I couldn't do that because the piton was too low and the move was too insecure. So I was probably up there for thirty minutes, just trying to figure it out. And finally, I mantled onto the thing and I was like, ‘I'm done. I've got nothing left.’”
“I think the biggest thing for me is just the puzzling. I love going to the bouldering gym and working moves and being like, ‘Well that didn't really work, let me tweak this one variable and now I can do it this way.’ I find that process very engaging.
I think in climbing and in life there's outcome oriented people and process oriented people. In climbing, there's so much value in being a process oriented climber. You spend so much of your time just bashing your head against something you can't really do.
It's kind of funny, because there's that phrase about the definition of insanity being doing the same thing over again and expecting a different result. But, that's literally what we do rock climbing every single day and somehow we get a different result eventually.
Climbing makes you really good at bashing your head against the wall and working problems. Not seeing failure as failure, but failure as you just haven't succeeded yet.”
“In all things in life, you experience setbacks. You have this goal that you're working towards and shit happens. You don't move the bar in the direction you wanted to.
I think it'd be easy to be like, ‘Oh, maybe I'm just never gonna do this thing.’ But, I think one of the lessons of climbing is that you can totally do that thing. You just need to identify what it was that wasn't working and try again.”

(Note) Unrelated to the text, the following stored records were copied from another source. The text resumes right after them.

Theorem lemma4 (d : measure_display) (T : measurableType d) (R : realType)
  (P : probability T R) (N m : nat) (n : 'I_N -> nat)
  (X : forall k : 'I_N, T -> 'M[R]_(n k))
  (y : forall k : 'I_N, T -> 'cV[R]_(n k))
  (F : forall k : 'I_N, 'M[R]_(m, n k))
  (hXmeas : forall k i j, measurable_fun setT (fun w => X k w i j))
  (hymeas : forall k i j, measurable_fun setT (fun w => y k w i j))
  (hX2 : forall k, (\int[P]_w ((spec_norm (X k w)) ^+ 2)%:E < +oo)%E)
  (hy2 : forall k, (\int[P]_w ((vnorm (y k w)) ^+ 2)%:E < +oo)%E)
  (hindep : forall k l : 'I_N, k != l -> indep_mx P (X k) (X l)) :
  (\int[P]_w ((vnorm (\sum_(k < N) F k *m X k w *m y k w)) ^+ 2)%:E
   <= (\sum_(k < N) ((spec_norm (F k)) ^+ 2)%:E
         * poweR (\int[P]_w ((spec_norm (X k w)) ^+ 4)%:E) 2^-1)
      * poweR (\int[P]_w ((\sum_(k < N) (vnorm (y k w)) ^+ 2) ^+ 2)%:E) 2^-1)%E.
Proof.
apply: le_trans (integral_vnorm_sum_mulmx_sqr_le P F hXmeas hymeas) _.
rewrite ge0_sume_distrl => [|k _]; last by rewrite mule_ge0 ?lee_fin ?sqr_ge0 ?poweR_ge0.
apply: lee_sum => k _; rewrite -muleA lee_wpmul2l ?lee_fin ?sqr_ge0 //.
have fourth_moment : (\int[P]_w (spec_norm (X k w) ^+ 4)%:E =
                      \int[P]_w ((spec_norm (X k w) ^+ 2) ^+ 2)%:E)%E.
  by apply: eq_integral => w _; rewrite -exprM.
rewrite fourth_moment; apply: cauchy_schwarz_integral => [||w|w].
- exact/measurable_funX/measurable_spec_norm.
- by apply: measurable_sum => l; apply/measurable_funX/measurable_vnorm => i.
- exact: sqr_ge0.
- by apply: sumr_ge0 => l _; exact: sqr_ge0.
Qed.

“Historically I was not a detail oriented person at all. I wouldn't really think too much about what I was doing or how I was doing it. This style of climbing, where you have to be really deliberate and careful with how you approach a given pitch has taught me to pay really close attention to what I'm doing and be really analytical and always show up as prepared as I can be for a thing I'm doing. Because, if you're not prepared, things can go wrong and you get yourself in trouble.”
“Early on in my climbing, in that youth group, there was this kind of toxic idea that was thrown out there that you shouldn't identify yourself too heavily through climbing. You shouldn't wrap too much of your identity in your climbing.

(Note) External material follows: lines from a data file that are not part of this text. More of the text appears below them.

(* There exist a control system $\dot x=f(x,u)$ (with $f$ continuous near the origin and $f(0,0)=0$) and nonnegative functions $d_1,d_2$ defined near the origin for which there is no continuous function $H\colon[0,\varepsilon)\to[0,\infty)$ with $H(0)=0$ (depending only on $f$, $d_1$, $d_2$) such that every stabilizing feedback $u$ satisfying $$d_1(x)\le\|u(x)\|\le d_2(x)\quad\text{for all sufficiently small }\|x\|$$ also satisfies $$h(r):=\sup_{y\in\mathbb{B}_r(0)}\|F_u^{-1}(y)\|\le H(r)\quad\text{for all sufficiently small } r,$$ where $F_u(x):=f(x,u(x))$.
   Context: $\mathbb{B}_r(0)$ denotes the open ball of radius $r$ centered at $0$. A stabilizing feedback for $\dot x=f(x,u)$ is a map $u$ defined on a neighborhood of the origin with $u(0)=0$ such that the origin is a locally asymptotically stable equilibrium (Lyapunov stable and locally attractive) of $\dot x=f(x,u(x))$, with $x\mapsto f(x,u(x))$ continuous and $\dot x=f(x,u(x))$ having a unique solution for all $t$ from every initial condition near the origin. For such $u$, $F_u$ restricted to a suitable neighborhood of the origin is a homeomorphism onto a neighborhood of the origin, and $F_u^{-1}$ denotes this local inverse. *)

From HB Require Import structures.
From mathcomp Require Import all_boot all_order all_algebra.
From mathcomp Require Import all_classical all_reals all_analysis.
Set Implicit Arguments. Unset Strict Implicit. Unset Printing Implicit Defensive.
Import Order.TTheory GRing.Theory Num.Theory.
Import numFieldNormedType.Exports.
Local Open Scope classical_set_scope.
Local Open Scope ring_scope.

Section Defs.
Variable R : realType.

Definition enorm (n : nat) (v : 'rV[R]_n) : R :=
  Num.sqrt (\sum_(i < n) (v ord0 i) ^+ 2).

Definition eball0 {n : nat} (r : R) : set 'rV[R]_n :=
  [set y | enorm y < r].

Definition Fu (n m : nat) (f : 'rV[R]_n -> 'rV[R]_m -> 'rV[R]_n)
  (u : 'rV[R]_n -> 'rV[R]_m) : 'rV[R]_n -> 'rV[R]_n :=
  fun x => f x (u x).

Definition continuous_near_origin (n m : nat)
  (f : 'rV[R]_n -> 'rV[R]_m -> 'rV[R]_n) : Prop :=
  exists rho : R, 0 < rho /\
    forall x v, enorm x < rho -> enorm v < rho ->
      (fun p : 'rV[R]_n * 'rV[R]_m => f p.1 p.2) @ (x, v) --> f x v.

Definition nonneg_near_origin (n : nat) (d : 'rV[R]_n -> R) : Prop :=
  exists rho : R, 0 < rho /\ forall x, enorm x < rho -> 0 <= d x.

Definition is_solution (n : nat) (D : set 'rV[R]_n) (F : 'rV[R]_n -> 'rV[R]_n)
  (x0 : 'rV[R]_n) (phi : R -> 'rV[R]_n) : Prop :=
  [/\ phi 0 = x0,
      (forall t : R, 0 <= t -> D (phi t)),
      phi @ at_right 0 --> x0 &
      (forall t : R, 0 < t -> is_derive t 1 phi (F (phi t)))].

Definition stabilizing (n m : nat) (f : 'rV[R]_n -> 'rV[R]_m -> 'rV[R]_n)
  (u : 'rV[R]_n -> 'rV[R]_m) : Prop :=
  exists rho : R, 0 < rho /\
  let D := @eball0 n rho in
  let F := Fu f u in
  [/\ u 0 = 0,
      (forall x, D x -> F @ x --> F x),
      (exists delta : R, 0 < delta /\ forall x0, enorm x0 < delta ->
         (exists phi, is_solution D F x0 phi) /\
         (forall phi1 phi2, is_solution D F x0 phi1 -> is_solution D F x0 phi2 ->
            forall t : R, 0 <= t -> phi1 t = phi2 t)),
      (forall eps : R, 0 < eps -> exists delta : R, 0 < delta /\
         forall x0 phi, enorm x0 < delta -> is_solution D F x0 phi ->
           forall t : R, 0 <= t -> enorm (phi t) < eps) &
      (exists delta : R, 0 < delta /\
         forall x0 phi, enorm x0 < delta -> is_solution D F x0 phi ->
           phi t @[t --> +oo%R] --> (0 : 'rV[R]_n))].

Definition bounded_near_origin (n m : nat) (d1 d2 : 'rV[R]_n -> R)
  (u : 'rV[R]_n -> 'rV[R]_m) : Prop :=
  exists rho : R, 0 < rho /\
    forall x, enorm x < rho -> d1 x <= enorm (u x) <= d2 x.

Definition local_inverse (n : nat) (F g : 'rV[R]_n -> 'rV[R]_n) : Prop :=
  exists U V : set 'rV[R]_n,
    open U /\ open V /\ U 0 /\ V 0 /\
    (forall x, U x -> V (F x) /\ g (F x) = x) /\
    (forall y, V y -> U (g y) /\ F (g y) = y) /\
    {within U, continuous F} /\
    {within V, continuous g}.

Definition hsup (n : nat) (g : 'rV[R]_n -> 'rV[R]_n) (r : R) : \bar R :=
  ereal_sup [set (enorm (g y))%:E | y in @eball0 n r].

End Defs.

(* Take [f x v = v] on R^2 with [d1 = 0] and [d2 = 1], so that [F_u = u]. Given a
   candidate bound [H], choose a continuous [c >= 0] with [c 0 = 0] and
   [c (r / 2) > H r], and the feedback [u x = (- x1 + c x2, - x2)]. The closed loop
   is triangular and solved explicitly ([x2] decays exponentially, [x1] by
   variation of constants), which yields existence, uniqueness, stability and
   attractivity; near the origin [|u| <= 1] by continuity of [c]. But [u] is a
   homeomorphism of R^2 with [u^-1 (0, - r / 2) = (c (r / 2), r / 2)], a point of
   norm larger than [H r] although [(0, - r / 2)] lies in the ball of radius [r]. *)

From HB Require Import structures.
From mathcomp Require Import all_boot all_order all_algebra.
From mathcomp Require Import all_classical all_reals all_analysis.
From mathcomp Require Import lra ring.
Import Order.TTheory GRing.Theory Num.Theory.
Import numFieldNormedType.Exports.
Local Open Scope classical_set_scope.
Local Open Scope ring_scope.
Set Implicit Arguments. Unset Strict Implicit. Unset Printing Implicit Defensive.

Section matrix_entries.
Variable R : realFieldType.

Lemma normr_entry_le_mx_norm m n (x : 'M[R]_(m, n)) i j : `|x i j| <= `|x|.
Proof.
by rewrite [leRHS]/Num.Def.normr /= mx_normrE; apply/bigmax_geP; right; exists (i, j).
Qed.

Lemma cvg_entry {T} {F : set_system T} {FF : Filter F} m n
    (f : T -> 'M[R]_(m, n)) (l : 'M[R]_(m, n)) i j :
  f @ F --> l -> (fun t => f t i j) @ F --> l i j.
Proof.
move=> /cvgrPdist_le fl; apply/cvgrPdist_le => e e0.
apply: filterS (fl e e0) => t; apply: le_trans.
have -> : l i j - f t i j = (l - f t) i j by rewrite !mxE.
exact: normr_entry_le_mx_norm.
Qed.

Lemma continuous_entry m n i j : continuous (fun x : 'M[R]_(m, n) => x i j).
Proof. by move=> x; exact: (@cvg_entry _ (nbhs x) _ _ _ id x i j cvg_id). Qed.

Lemma is_derive_entry m n (f : R -> 'M[R]_(m, n)) (t : R) (v : 'M[R]_(m, n)) i j :
  is_derive t 1 f v -> is_derive t 1 (fun s => f s i j) (v i j).
Proof.
move=> [df <-]; have dfij : derivable (fun s => f s i j) t 1 by move/derivable_mxP: df.
by apply: DeriveDef => //; rewrite derive_mx // mxE.
Qed.

End matrix_entries.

As someone that was obsessed with it, I had a hard time reconciling that. I internalized that value of, ‘Okay, I need to be a well rounded human being but I love this thing more than anything in the world. So how do I do that?’ Ultimately I was like, ‘Wait, that's bad advice. I should just do this thing that I love doing.’

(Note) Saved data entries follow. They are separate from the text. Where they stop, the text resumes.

(* Let $g$ be an $n$-person no-sink WTT game form satisfying the standing assumptions below, and let $1\le k\le n$. Then $g$ contains no $k$-box.
   Context: Let $X_1,\dots,X_n$ and $A$ be finite nonempty sets. An $n$-person game form is a map $g: X_1\times\cdots\times X_n\to A$; elements of $X=X_1\times\cdots\times X_n$ are strategy profiles. For a direction $i\in[n]$ write $X_{-i}=\prod_{t\neq i}X_t$, and for $s\in X_i$, $y\in X_{-i}$ write $(s,y)$ for the profile with $i$-th coordinate $s$ and other coordinates $y$. The hyperplane perpendicular to direction $i$ at $s\in X_i$ is $H_s=\{x\in X: x_i=s\}$; for a profile $x$ write $H_i^x$ for the hyperplane perpendicular to direction $i$ containing $x$. $g$ is weakly totally tight (WTT) if for every $i\in[n]$, all $s\neq s'$ in $X_i$ and all $y\neq y'$ in $X_{-i}$, at least one of $g(s,y)=g(s,y')$, $g(s,y)=g(s',y)$, $g(s',y')=g(s',y)$, $g(s',y')=g(s,y')$ holds. A set $S\subseteq X$ is a constant region if there is $c\in A$ with $g(x)=c$ for all $x\in S$. For distinct $j,k\in X_i$, $H_j^{\neq}(k)=\{(j,y): y\in X_{-i},\ g(j,y)\neq g(k,y)\}$. We write $H_j\stackrel{c}{\longrightarrow}H_k$ if $g(x)=c$ for all $x\in H_j^{\neq}(k)$, and $H_j\stackrel{c}{\Longrightarrow}H_k$ if $H_j\stackrel{c}{\longrightarrow}H_k$ and there is no outcome $d$ with $H_k\stackrel{d}{\longrightarrow}H_j$. If there exist $k\in X_i\setminus\{j\}$ and $c$ with $H_j\stackrel{c}{\Longrightarrow}H_k$, $c$ is called the proper outcome of $H_j$ (for WTT $g$ it does not depend on $k$). We say an outcome $a$ is not the proper outcome of a hyperplane $H$ if $H$ has no proper outcome or its proper outcome differs from $a$. $H_j$ is a sink hyperplane if for every $k\in X_i\setminus\{j\}$ there is an outcome $c_k$ with $H_k\stackrel{c_k}{\longrightarrow}H_j$; $g$ is no-sink if there is no sink hyperplane in any direction. A WTT no-sink $g$ contains a $k$-box if there are profiles $x,y$ such that: $g(x)\neq g(y)$; $x$ and $y$ differ in exactly $k$ coordinates $i_1,\dots,i_k$; and for every $1\le t\le k$, $g(x)$ is not the proper outcome of $H_{i_t}^x$ and $g(y)$ is not the proper outcome of $H_{i_t}^y$. Standing assumptions: no hyperplane of $g$ is a constant region, and for every $i$ and distinct $j,k\in X_i$ there is $y\in X_{-i}$ with $g(j,y)\neq g(k,y)$. *)

From HB Require Import structures.
From mathcomp Require Import all_boot.
Unset Printing Implicit Defensive.

Section GameForms.
Variables (n : nat) (X : 'I_n -> finType) (A : finType).

Definition profile := {dffun forall i : 'I_n, X i}.

(* (s, y): the profile y with its i-th coordinate replaced by s;
   y is a full profile whose i-th coordinate is ignored (it represents
   the element of X_{-i} obtained by forgetting coordinate i). *)
Definition upd (y : profile) (i : 'I_n) (s : X i) : profile :=
  [ffun j => @dfwith _ X (fun j => y j) i s j].

(* y and y' represent different elements of X_{-i} *)
Definition differ_off (i : 'I_n) (y y' : profile) : Prop :=
  exists j : 'I_n, j != i /\ y j != y' j.

Variable g : profile -> A.

Definition WTT : Prop :=
  forall (i : 'I_n) (s s' : X i) (y y' : profile),
    s != s' -> differ_off i y y' ->
    g (upd y i s) = g (upd y' i s) \/ g (upd y i s) = g (upd y i s') \/
    g (upd y' i s') = g (upd y i s') \/ g (upd y' i s') = g (upd y' i s).

(* H_j --c--> H_k (direction i): every x in H_j^{<>}(k) has g x = c *)
Definition arrow (i : 'I_n) (j k : X i) (c : A) : Prop :=
  forall y : profile, g (upd y i j) != g (upd y i k) -> g (upd y i j) = c.

Definition darrow (i : 'I_n) (j k : X i) (c : A) : Prop :=
  arrow i j k c /\ ~ (exists d : A, arrow i k j d).

Definition proper_outcome (i : 'I_n) (j : X i) (c : A) : Prop :=
  exists k : X i, k != j /\ darrow i j k c.

Definition sink (i : 'I_n) (j : X i) : Prop :=
  forall k : X i, k != j -> exists c : A, arrow i k j c.

Definition no_sink : Prop := forall (i : 'I_n) (j : X i), ~ sink i j.

Definition no_constant_hyperplane : Prop :=
  forall (i : 'I_n) (s : X i), ~ (exists c : A, forall y : profile, g (upd y i s) = c).

Definition distinct_hyperplanes_differ : Prop :=
  forall (i : 'I_n) (j k : X i), j != k ->
    exists y : profile, g (upd y i j) != g (upd y i k).

Definition contains_box (k : nat) : Prop :=
  exists x y : profile,
    g x != g y /\
    #|[set i : 'I_n | x i != y i]| = k /\
    (forall i : 'I_n, x i != y i ->
       ~ proper_outcome i (x i) (g x) /\ ~ proper_outcome i (y i) (g y)).

End GameForms.

Arguments upd {n X} y i s.
Arguments differ_off {n X} i y y'.
Arguments WTT {n X A} g.
Arguments arrow {n X A} g i j k c.
Arguments darrow {n X A} g i j k c.
Arguments proper_outcome {n X A} g i j c.
Arguments sink {n X A} g i j.
Arguments no_sink {n X A} g.
Arguments no_constant_hyperplane {n X A} g.
Arguments distinct_hyperplanes_differ {n X A} g.
Arguments contains_box {n X A} g k.

From HB Require Import structures.
From mathcomp Require Import all_boot.
From Stdlib Require Import Classical.

(* WTT says that two profiles separating H_j from H_l agree
   on H_j or on H_l; hence between any two hyperplanes there is an arrow in at
   least one direction, and, since no hyperplane is a sink, every hyperplane has
   a proper outcome p, say H_j ==p==> H_m.  If moreover H_j --b--> H_l with
   b <> p, the separators of H_m and H_j force H_l --p--> H_j, and then
   H_l ==p==> H_m: so the outcomes on both sides of the arrow are proper.
   Now take a box x, y with as few differing coordinates as possible and a
   direction t where they differ.  Moving y_t to x_t in y (or x_t to y_t in x)
   must change the outcome, otherwise a smaller box appears; so y and x
   separate H_{y_t} from H_{x_t} with outcomes g y and g x that are not proper,
   contradicting the above whichever way the arrow between them points. *)

Set Implicit Arguments.
Unset Strict Implicit.

Section Profiles.
Variables (n : nat) (X : 'I_n -> finType).
Implicit Types (x y : profile n X) (i t : 'I_n).

Lemma upd_in y i s : upd y i s i = s.
Proof. by rewrite /upd ffunE dfwith_in. Qed.

Lemma upd_out y i s j : i != j -> upd y i s j = y j.
Proof. by move=> ij; rewrite /upd ffunE dfwith_out. Qed.

Lemma upd_self y i : upd y i (y i) = y.
Proof.
apply/ffunP => j; case: (eqVneq i j) => [<-|ij]; first by rewrite upd_in.
by rewrite upd_out.
Qed.

Lemma upd_eq i y y' s : ~ differ_off i y y' -> upd y i s = upd y' i s.
Proof.
move=> Hd; apply/ffunP => j; case: (eqVneq i j) => [<-|ij]; first by rewrite !upd_in.
rewrite !upd_out //; apply/eqP/negP => yj; apply: Hd.
by exists j; split; [rewrite eq_sym | exact/negP].
Qed.

Lemma diffsC x y : [set i | x i != y i] = [set i | y i != x i].
Proof. by apply/setP => i; rewrite !inE eq_sym. Qed.

Lemma diffs_upd x y t : [set i | x i != upd y t (x t) i] = [set i | x i != y i] :\ t.
Proof.
apply/setP => i; rewrite !inE; case: (eqVneq i t) => [->|it]; first by rewrite upd_in eqxx.
by rewrite upd_out // eq_sym.
Qed.

End Profiles.

Section Direction.
Variables (n : nat) (X : 'I_n -> finType) (A : finType) (g : profile n X -> A).
Hypothesis Hwtt : WTT g.
Hypothesis Hns : no_sink g.
Hypothesis Hdiff : distinct_hyperplanes_differ g.
Variable t : 'I_n.
Local Notation G y j := (g (upd y t j)).

Lemma wtt_separators (j l : X t) (u v : profile n X) :
  G u j != G u l -> G v j != G v l -> G u j = G v j \/ G u l = G v l.
Proof.
move=> Hu Hv; case: (eqVneq j l) => [jl|jl]; first by rewrite jl eqxx in Hu.
case: (classic (differ_off t u v)) => [Hd|Hd]; last by left; rewrite (upd_eq _ Hd).
case: (Hwtt jl Hd) => [|[E|[E|E]]]; first by left.
- by rewrite E eqxx in Hu.
- by right; rewrite E.
- by rewrite E eqxx in Hv.
Qed.

Lemma separators_of_no_arrow (m j : X t) :
  m != j -> ~ (exists d, arrow g t m j d) ->
  exists y1 y2, [/\ G y1 m != G y1 j, G y2 m != G y2 j & G y1 m != G y2 m].
Proof.
move=> mj Hna; have [y1 H1] := Hdiff mj.
apply: NNPP => Hc; apply: Hna; exists (G y1 m) => y2 H2.
apply: NNPP => Hne; apply: Hc; exists y1, y2; split=> //.
by apply/eqP => /esym.
Qed.

Lemma arrow_dichotomy (j l : X t) :
  j != l -> (exists c, arrow g t j l c) \/ (exists d, arrow g t l j d).
Proof.
move=> jl; case: (classic (exists c, arrow g t j l c)) => [|Hnj]; [by left | right].
have [y1 [y2 [H1 H2 H12]]] := separators_of_no_arrow jl Hnj.
have E12 : G y1 l = G y2 l.
  by case: (wtt_separators H1 H2) => // E; rewrite E eqxx in H12.
exists (G y1 l) => z; rewrite eq_sym => Hz.
case: (wtt_separators Hz H1) => [E1|//].
case: (wtt_separators Hz H2) => [E2|E2]; last by rewrite E12.
by rewrite -E1 E2 eqxx in H12.
Qed.

Lemma proper_outcome_exists (j : X t) : exists p, proper_outcome g t j p.
Proof.
have [m [mj Hnmj]] : exists m, m != j /\ ~ (exists c, arrow g t m j c).
  apply: NNPP => H; apply: (Hns (j := j)) => m mj.
  by apply: NNPP => Hm; apply: H; exists m.
have jm : j != m by rewrite eq_sym.
by case: (arrow_dichotomy jm) => [[c Hc]|//]; exists c, m; split=> //; split.
Qed.

Lemma separator_value (j l m : X t) b p :
  arrow g t j l b -> arrow g t j m p -> b != p ->
  forall y, G y m != G y j -> G y l = p.
Proof.
move=> Hjl Hjm bp y Hy; have Hyj : G y j = p by apply: Hjm; rewrite eq_sym.
case: (eqVneq (G y j) (G y l)) => [<- //|Hjl'].
by move: bp; rewrite -Hyj (Hjl y Hjl') eqxx.
Qed.

Lemma arrow_rev_proper (j l m : X t) b p :
  m != j -> arrow g t j l b -> darrow g t j m p -> b != p -> arrow g t l j p.
Proof.
move=> mj Hjl [Hjm Hnmj] bp z Hz.
have Hzj : G z j = b by apply: Hjl; rewrite eq_sym.
have Fj y : G y m != G y j -> G y j = p by move=> Hy; apply: Hjm; rewrite eq_sym.
have Fl := separator_value Hjl Hjm bp.
have Hzm : G z m = b.
  case: (eqVneq (G z j) (G z m)) => [<- //|Hjm'].
  by move: bp; rewrite -Hzj (Hjm z Hjm') eqxx.
have Hzlm : G z l != G z m by rewrite Hzm -Hzj.
have either y : G y m != G y j -> G z l = p \/ G y m = b.
  move=> Hy; have Hylm : G y l != G y m by rewrite (Fl y Hy) -(Fj y Hy) eq_sym.
  case: (wtt_separators Hzlm Hylm) => E; first by left; rewrite E (Fl y Hy).
  by right; rewrite -E.
have [y1 [y2 [H1 H2 H12]]] := separators_of_no_arrow mj Hnmj.
case: (either y1 H1) => [//|E1]; case: (either y2 H2) => [//|E2].
by rewrite E1 E2 eqxx in H12.
Qed.

Lemma not_arrow_of_improper (Y Z : profile n X) c :
  G Y (Z t) != g Y -> G Z (Y t) != g Z ->
  ~ proper_outcome g t (Y t) (g Y) -> ~ proper_outcome g t (Z t) (g Z) ->
  ~ arrow g t (Y t) (Z t) c.
Proof.
move=> HY HZ Hpj Hpl Hjl.
have gY : G Y (Y t) = g Y by rewrite upd_self.
have gZ : G Z (Z t) = g Z by rewrite upd_self.
have {}Hjl : arrow g t (Y t) (Z t) (g Y).
  have E : G Y (Y t) = c by apply: Hjl; rewrite gY eq_sym.
  by rewrite -gY E.
have [p [m [mj [Hjm Hnmj]]]] := proper_outcome_exists (Y t).
have bp : g Y != p.
  by apply/eqP => E; apply: Hpj; exists m; rewrite E; split=> //; split.
have Hlj := arrow_rev_proper mj Hjl (conj Hjm Hnmj) bp.
have ap : g Z = p by rewrite -gZ; apply: Hlj; rewrite gZ eq_sym.
have Fj y : G y m != G y (Y t) -> G y (Y t) = p.
  by move=> Hy; apply: Hjm; rewrite eq_sym.
have Fl := separator_value Hjl Hjm bp.
have sep_lm y : G y m != G y (Y t) -> G y (Z t) != G y m.
  by move=> Hy; rewrite (Fl y Hy) -(Fj y Hy) eq_sym.
have [y1 [y2 [H1 H2 H12]]] := separators_of_no_arrow mj Hnmj.
have Hnml : ~ (exists d, arrow g t m (Z t) d).
  move=> [d Hd]; have Dm y : G y m != G y (Y t) -> G y m = d.
    by move=> Hy; apply: Hd; rewrite eq_sym; apply: sep_lm.
  by rewrite (Dm _ H1) (Dm _ H2) eqxx in H12.
have lm : Z t != m.
  by apply/eqP => E; apply: Hnml; exists (g Y) => y; rewrite E eqxx.
have [c' Hlm] : exists c', arrow g t (Z t) m c'.
  by case: (arrow_dichotomy lm) => // /Hnml.
have cp : c' = p by rewrite -(Fl y1 H1) (Hlm y1 (sep_lm y1 H1)).
apply: Hpl; exists m; split; first by rewrite eq_sym.
by rewrite ap -cp; split.
Qed.

End Direction.

Section Boxes.
Variables (n : nat) (X : 'I_n -> finType) (A : finType) (g : profile n X -> A).
Hypothesis Hwtt : WTT g.
Hypothesis Hns : no_sink g.
Hypothesis Hdiff : distinct_hyperplanes_differ g.

Definition box (x y : profile n X) : Prop :=
  g x != g y /\
  forall i, x i != y i ->
    ~ proper_outcome g i (x i) (g x) /\ ~ proper_outcome g i (y i) (g y).

Lemma box_sym x y : box x y -> box y x.
Proof.
move=> [Hg Hb]; split=> [|i]; first by rewrite eq_sym.
by rewrite eq_sym => /Hb [].
Qed.

Lemma box_shrink x y t : box x y -> g (upd y t (x t)) = g y -> box x (upd y t (x t)).
Proof.
move=> [Hg Hb] E; rewrite /box E; split=> // i.
case: (eqVneq t i) => [<-|ti]; first by rewrite upd_in eqxx.
by rewrite upd_out //; apply: Hb.
Qed.

Lemma not_box x y : ~ box x y.
Proof.
have [N] := ubnP #|[set i | x i != y i]|.
elim: N x y => // N IH x y Hcard Hbox; have [Hg Hb] := Hbox.
have [t xt] : exists t, x t != y t.
  case: (pickP (fun i => x i != y i)) => [t xt|same]; first by exists t.
  by move: Hg; rewrite (_ : x = y) ?eqxx //; apply/ffunP => i; exact/eqP/negbFE/same.
have smaller : #|[set i | x i != y i] :\ t| < N.
  by move: Hcard; rewrite (cardsD1 t) inE xt add1n ltnS.
have Hv : g (upd y t (x t)) != g y.
  apply/eqP => E; apply: (IH x (upd y t (x t))) (box_shrink Hbox E).
  by rewrite diffs_upd.
have Hw : g (upd x t (y t)) != g x.
  apply/eqP => E; apply: (IH y (upd x t (y t))) (box_shrink (box_sym Hbox) E).
  by rewrite diffs_upd -diffsC.
have [Hx Hy] := Hb t xt.
have yx : y t != x t by rewrite eq_sym.
case: (arrow_dichotomy Hwtt Hdiff yx) => [[e He]|[e He]].
- exact: (not_arrow_of_improper Hwtt Hns Hdiff Hv Hw Hy Hx He).
- exact: (not_arrow_of_improper Hwtt Hns Hdiff Hw Hv Hx Hy He).
Qed.

End Boxes.

Theorem mainTheorem8 (n : nat) (X : 'I_n -> finType) (A : finType)
  (g : profile n X -> A)
  (HX : forall i : 'I_n, 0 < #|X i|) (HA : 0 < #|A|)
  (Hwtt : WTT g) (Hns : no_sink g)
  (Hnc : no_constant_hyperplane g) (Hdiff : distinct_hyperplanes_differ g)
  (k : nat) (Hk1 : 1 <= k) (Hkn : k <= n) :
  ~ contains_box g k.
Proof.
move=> [x [y [Hg [_ Hb]]]].
exact: (not_box Hwtt Hns Hdiff (conj Hg Hb)).
Qed.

It's super therapeutic. There are days up here where I've got stress from some aspect of my life and a lot of busy thoughts that are overwhelming on some level and I just come up here and ropes solo on the project. All of that stuff is gone by the time I'm back on the ground.
In the same way that Buddhist monks train for decades to achieve a state of not thinking about anything, trying V hard for me is like instant not thinking about anything.”
“I'm grateful that my life is structured in such a way that I get to go do this all the time. It's kind of ridiculous. I have this job that I work a hundred to a hundred fifty days a year and it is very much climbing and talking about climbing. So it's this thing I love doing. And then, I get to go do what I want to do the rest of the time all over the world. That's kind of amazing.”